Saved entries:

Lemma wseq_exp2_growth al be a1 a2 c i : 4 <= 2 * al + be ->
  2 ^ i <= c * wseq al be a1 a2 i -> 2 ^ i.+1 <= c * wseq al be a1 a2 i.+1 ->
  forall d, 2 ^ (i + d) <= c * wseq al be a1 a2 (i + d).
Proof.
move=> ab_ge4 IH0 IH1 d.
suff [] : 2 ^ (i + d) <= c * wseq al be a1 a2 (i + d) /\
          2 ^ (i + d).+1 <= c * wseq al be a1 a2 (i + d).+1 by [].
elim: d => [|d [le0 le1]]; first by rewrite addn0.
rewrite addnS; split=> //; rewrite wseqSS !expnS in le1 *.
move: le0 le1; set u0 := wseq _ _ _ _ (i + d); set u1 := wseq _ _ _ _ (i + d).+1.
by nia.
Qed.

Lemma Rlist'_coef_growth (a b j : nat) : (a, b) \in Rlist' ->
  4 ^ j.+2 <= 32 * (wseq a b 1 0 j.+2 * wseq a b 0 1 j.+2).
Proof.
move=> abR'.
have [ab_ge4 [a_gt0 b_gt0]] : 4 <= 2 * a + b /\ 0 < a /\ 0 < b.
  by move: abR'; rewrite !inE !xpair_eqE; lia.
have leP : 2 ^ j.+2 <= 8 * wseq a b 1 0 j.+2.
  by rewrite -(add2n j); apply: wseq_exp2_growth => //; rewrite !wseqSS /wseq /=; nia.
have leQ : 2 ^ j.+2 <= 4 * wseq a b 0 1 j.+2.
  by rewrite -(add1n j.+1); apply: wseq_exp2_growth => //; rewrite ?wseqSS /wseq /=; nia.
by rewrite -[4]/(2 * 2) expnMn; nia.
Qed.

Lemma reaches_mem_lincombs al be n N k :
  0 < wseq al be 1 0 k -> 0 < wseq al be 0 1 k -> n <= N ->
  reaches al be n k.+1 -> n \in lincombs N (wseq al be 1 0 k) (wseq al be 0 1 k).
Proof.
move=> P_gt0 Q_gt0 le_nN [x [y [x_gt0 [y_gt0 [_ hw]]]]].
by move: le_nN; rewrite -hw walkE [_.-1]/= wseq_lin; apply: mem_lincombs.
Qed.

Lemma bernoulli_nat a d k : a ^ k * (a + k * d) <= a * (a + d) ^ k.
Proof.
elim: k => [|k IHk]; first by rewrite !expn0 mul1n mul0n addn0 muln1.
have le_pow : a ^ k <= (a + d) ^ k.
  by case: k {IHk} => [|k]; rewrite ?expn0 // leq_exp2r ?leq_addr.
have := leq_mul (leqnn a) IHk; have := leq_mul (leqnn (a * d)) le_pow.
rewrite !expnS; move: (a ^ k) ((a + d) ^ k) => A B; nia.
Qed.

(* F_{j+1} F_{j+2} <= (125/27) (25/9)^j, while (36/25)^j >= 1 + 11 j / 25. *)
Lemma fib_prod_le_pow4 D j : 100 * D ^ 2 <= j ->
  32 * D ^ 2 * (fib j.+1 * fib j.+2) <= 4 ^ j.+1.
Proof.
move=> le_j.
have hF : 27 * 9 ^ j * (fib j.+1 * fib j.+2) <= 125 * 25 ^ j.
  have := leq_mul (fib_le_five_thirds_pow j.+1) (fib_le_five_thirds_pow j.+2).
  by rewrite !expnS -[9]/(3 * 3) -[25]/(5 * 5) !expnMn; nia.
have hB := bernoulli_nat 25 11 j.
rewrite -[25 + 11]/(4 * 9) expnMn in hB.
have T_gt0 : 0 < 9 ^ j by rewrite expn_gt0.
rewrite [4 ^ _]expnS; move: hF hB T_gt0.
move: (9 ^ j) (25 ^ j) (4 ^ j) (fib j.+1 * fib j.+2) (D ^ 2) le_j => T U V X E.
move=> le_j hF hB T_gt0; have le_E : 1100 * E <= 25 + j * 11 by lia.
rewrite -(@leq_pmul2l (297 * T)) ?muln_gt0 //.
have := leq_mul le_E (leqnn U); have := leq_mul (leqnn (32 * E)) hF.
by lia.
Qed.

Lemma exists_bracket (f : nat -> nat) J N : (forall k, k <= f k) -> f J <= N ->
  exists2 j, J <= j & f j <= N < f j.+1.
Proof.
move=> f_ge fJN.
have exP : exists j, (J <= j) && (f j <= N) by exists J; rewrite leqnn fJN.
have ub j : (J <= j) && (f j <= N) -> j <= N by case/andP=> _; apply: leq_trans (f_ge j).
have [j /andP[Jj fjN] maxj] := ex_maxnP exP ub.
exists j => //; rewrite fjN ltnNge; apply/negP => fj1N.
by have := maxj j.+1; rewrite fj1N leqW // ltnn => /(_ isT).
Qed.

Definition Rlist'_lincombs (N j : nat) : seq (seq nat) :=
  [seq lincombs N (wseq r.1 r.2 1 0 j.+2) (wseq r.1 r.2 0 1 j.+2) | r <- Rlist'].

Lemma count_not_S_is_11_le N j :
  count (fun n => ~~ `[< S_is_11 n >]) (iota 1 N) <=
  (fib j.+1 * fib j.+2).+2 + sumn (shape (Rlist'_lincombs N j)).
Proof.
rewrite -(size_iota 0 (fib j.+1 * fib j.+2).+2) -size_flatten -size_cat.
apply: count_iota_le_size => n /andP[_ le_nN] /asboolPn notS.
rewrite mem_cat mem_iota leq0n add0n andTb ltnS; case: leqP => // lt_n.
have [[a b] abR' hr] := reaches_Rlist'_of_not_S_is_11 (ltnW lt_n) notS.
have /andP[P_gt0 Q_gt0] : (0 < wseq a b 1 0 j.+2) && (0 < wseq a b 0 1 j.+2).
  have : 0 < 4 ^ j.+2 by rewrite expn_gt0.
  by rewrite -muln_gt0; have := Rlist'_coef_growth j abR'; lia.
apply/flattenP; exists (lincombs N (wseq a b 1 0 j.+2) (wseq a b 0 1 j.+2)).
  by apply/mapP; exists (a, b).
exact: reaches_mem_lincombs.
Qed.

Lemma mul_sumn_le D N (s : seq nat) :
  (forall x, x \in s -> D * x <= N) -> D * sumn s <= size s * N.
Proof.
elim: s => [|x s IHs] le_N /=; first by rewrite muln0.
rewrite mulnDr mulSn leq_add ?le_N ?mem_head //.
by apply: IHs => y ys; apply: le_N; rewrite inE ys orbT.
Qed.

Lemma not_S_is_11_sparse D : 0 < D -> exists N0, forall N, N0 <= N ->
  D * count (fun n => ~~ `[< S_is_11 n >]) (iota 1 N) <= 6 * N.
Proof.
move=> D_gt0; pose f k := D * (fib k.+1 * fib k.+2).
have f_ge k : k <= f k.
  apply: leq_trans (leq_fib k) (leq_trans (leq_pmulr _ (fib_gt0 k.+1)) _).
  exact: leq_pmull.
exists (2 * D + f (100 * D ^ 2)) => N le_N.
have [j le_j /andP[fjN Nfj1]] :=
  exists_bracket f_ge (leq_trans (leq_addl _ _) le_N).
have sparse x : x \in shape (Rlist'_lincombs N j) -> D * x <= N.
  case/mapP=> _ /mapP[[a b] abR' ->] ->; apply: size_lincombs_le => /=.
  have := Rlist'_coef_growth j abR'; have := fib_prod_le_pow4 (leqW le_j).
  have := leq_mul (leqnn D) (ltnW Nfj1).
  by rewrite /f expnS expn1; lia.
have := leq_mul (leqnn D) (count_not_S_is_11_le N j).
have size_Rlist'_lincombs : size (Rlist'_lincombs N j) = 4 by rewrite size_map.
have := mul_sumn_le sparse; rewrite size_map size_Rlist'_lincombs /f in fjN *.
by lia.
Qed.

Local Open Scope classical_set_scope.
Local Open Scope ring_scope.

Lemma sum_asbool_count (R : pzSemiRingType) (P : nat -> Prop) N :
  \sum_(1 <= n < N.+1) ((asbool (P n))%:R : R) = (count (fun n => `[< P n >]) (iota 1 N))%:R.
Proof.
rewrite -natr_sum -sum1_count; congr _%:R.
rewrite [RHS]big_mkcond /index_iota subSS subn0.
by apply: eq_bigr => n _; case: asbool.
Qed.

Lemma density_one_of_sparse (R : realType) (P : nat -> Prop) (c : nat) :
  (forall D, (0 < D)%N -> exists N0, forall N, (N0 <= N)%N ->
     (D * count (fun n => ~~ `[< P n >]) (iota 1 N) <= c * N)%N) ->
  (fun N : nat => (\sum_(1 <= n < N.+1) (asbool (P n))%:R) / N%:R : R) @ \oo --> (1 : R).
Proof.
move=> sparse; apply/cvgrPdist_le => eps eps_gt0.
have c_eps_ge0 : 0 <= c%:R / eps :> R by rewrite divr_ge0 // ltW.
pose D := Num.bound (c%:R / eps : R).
have lt_D : c%:R / eps < D%:R :> R := archi_boundP c_eps_ge0.
have D_gt0 : (0 < D)%N by rewrite -(ltr_nat R); apply: le_lt_trans lt_D.
have [N0 le_N0] := sparse D D_gt0.
exists (maxn N0 1) => // N /=; rewrite geq_max => /andP[N0N N_gt0].
rewrite sum_asbool_count.
have := le_N0 N N0N; set bad := count _ _; set good := count _ _.
have good_bad : (good + bad)%N = N by rewrite -[RHS](size_iota 1 N) count_predC.
rewrite -(ler_nat R) !natrM => le_bad.
have N_pos : 0 < N%:R :> R by rewrite ltr0n.
have -> : 1 - good%:R / N%:R = bad%:R / N%:R :> R.
  apply/eqP; rewrite subr_eq -mulrDl -natrD addnC good_bad.
  by rewrite divff ?(lt0r_neq0 N_pos).
rewrite ger0_norm ?divr_ge0 // ler_pdivrMr //.
have : c%:R <= eps * D%:R :> R by have := ltW lt_D; rewrite ler_pdivrMr // mulrC.
have : 0 <= bad%:R :> R by []; have : 0 < D%:R :> R by rewrite ltr0n.
by nra.
Qed.

Theorem theorem1p6 (R : realType) :
  (forall n : nat, (1 < n)%N ->
     forall alpha beta : nat, inS n alpha beta -> Rset (alpha, beta)) /\
  (forall alpha beta : nat, Rset (alpha, beta) ->
     exists n : nat, (1 < n)%N /\ inS n alpha beta) /\
  ((fun N : nat =>
      ((\sum_(1 <= n < N.+1) (asbool (S_is_11 n))%:R) / N%:R : R))
     @ \oo --> (1 : R)).
Proof.
split; first by move=> n n_gt1 al be /(inS_in_Rlist n_gt1) /RsetE.
split; first by move=> al be /RsetE /Rlist_attained [n n_gt1 inSn]; exists n.
by apply: (density_one_of_sparse (c := 6)); apply: not_S_is_11_sparse.
Qed.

▶ Exercise requirements
In your reply, restate exactly the lines from the start of the records above through the line holding "have := leq_mul (leqnn a)", including both, and nothing else.

▶ Exercise answer
Lemma wseq_exp2_growth al be a1 a2 c i : 4 <= 2 * al + be ->
  2 ^ i <= c * wseq al be a1 a2 i -> 2 ^ i.+1 <= c * wseq al be a1 a2 i.+1 ->
  forall d, 2 ^ (i + d) <= c * wseq al be a1 a2 (i + d).
Proof.
move=> ab_ge4 IH0 IH1 d.
suff [] : 2 ^ (i + d) <= c * wseq al be a1 a2 (i + d) /\
          2 ^ (i + d).+1 <= c * wseq al be a1 a2 (i + d).+1 by [].
elim: d => [|d [le0 le1]]; first by rewrite addn0.
rewrite addnS; split=> //; rewrite wseqSS !expnS in le1 *.
move: le0 le1; set u0 := wseq _ _ _ _ (i + d); set u1 := wseq _ _ _ _ (i + d).+1.
by nia.
Qed.

Lemma Rlist'_coef_growth (a b j : nat) : (a, b) \in Rlist' ->
  4 ^ j.+2 <= 32 * (wseq a b 1 0 j.+2 * wseq a b 0 1 j.+2).
Proof.
move=> abR'.
have [ab_ge4 [a_gt0 b_gt0]] : 4 <= 2 * a + b /\ 0 < a /\ 0 < b.
  by move: abR'; rewrite !inE !xpair_eqE; lia.
have leP : 2 ^ j.+2 <= 8 * wseq a b 1 0 j.+2.
  by rewrite -(add2n j); apply: wseq_exp2_growth => //; rewrite !wseqSS /wseq /=; nia.
have leQ : 2 ^ j.+2 <= 4 * wseq a b 0 1 j.+2.
  by rewrite -(add1n j.+1); apply: wseq_exp2_growth => //; rewrite ?wseqSS /wseq /=; nia.
by rewrite -[4]/(2 * 2) expnMn; nia.
Qed.

Lemma reaches_mem_lincombs al be n N k :
  0 < wseq al be 1 0 k -> 0 < wseq al be 0 1 k -> n <= N ->
  reaches al be n k.+1 -> n \in lincombs N (wseq al be 1 0 k) (wseq al be 0 1 k).
Proof.
move=> P_gt0 Q_gt0 le_nN [x [y [x_gt0 [y_gt0 [_ hw]]]]].
by move: le_nN; rewrite -hw walkE [_.-1]/= wseq_lin; apply: mem_lincombs.
Qed.

Lemma bernoulli_nat a d k : a ^ k * (a + k * d) <= a * (a + d) ^ k.
Proof.
elim: k => [|k IHk]; first by rewrite !expn0 mul1n mul0n addn0 muln1.
have le_pow : a ^ k <= (a + d) ^ k.
  by case: k {IHk} => [|k]; rewrite ?expn0 // leq_exp2r ?leq_addr.
have := leq_mul (leqnn a) IHk; have := leq_mul (leqnn (a * d)) le_pow.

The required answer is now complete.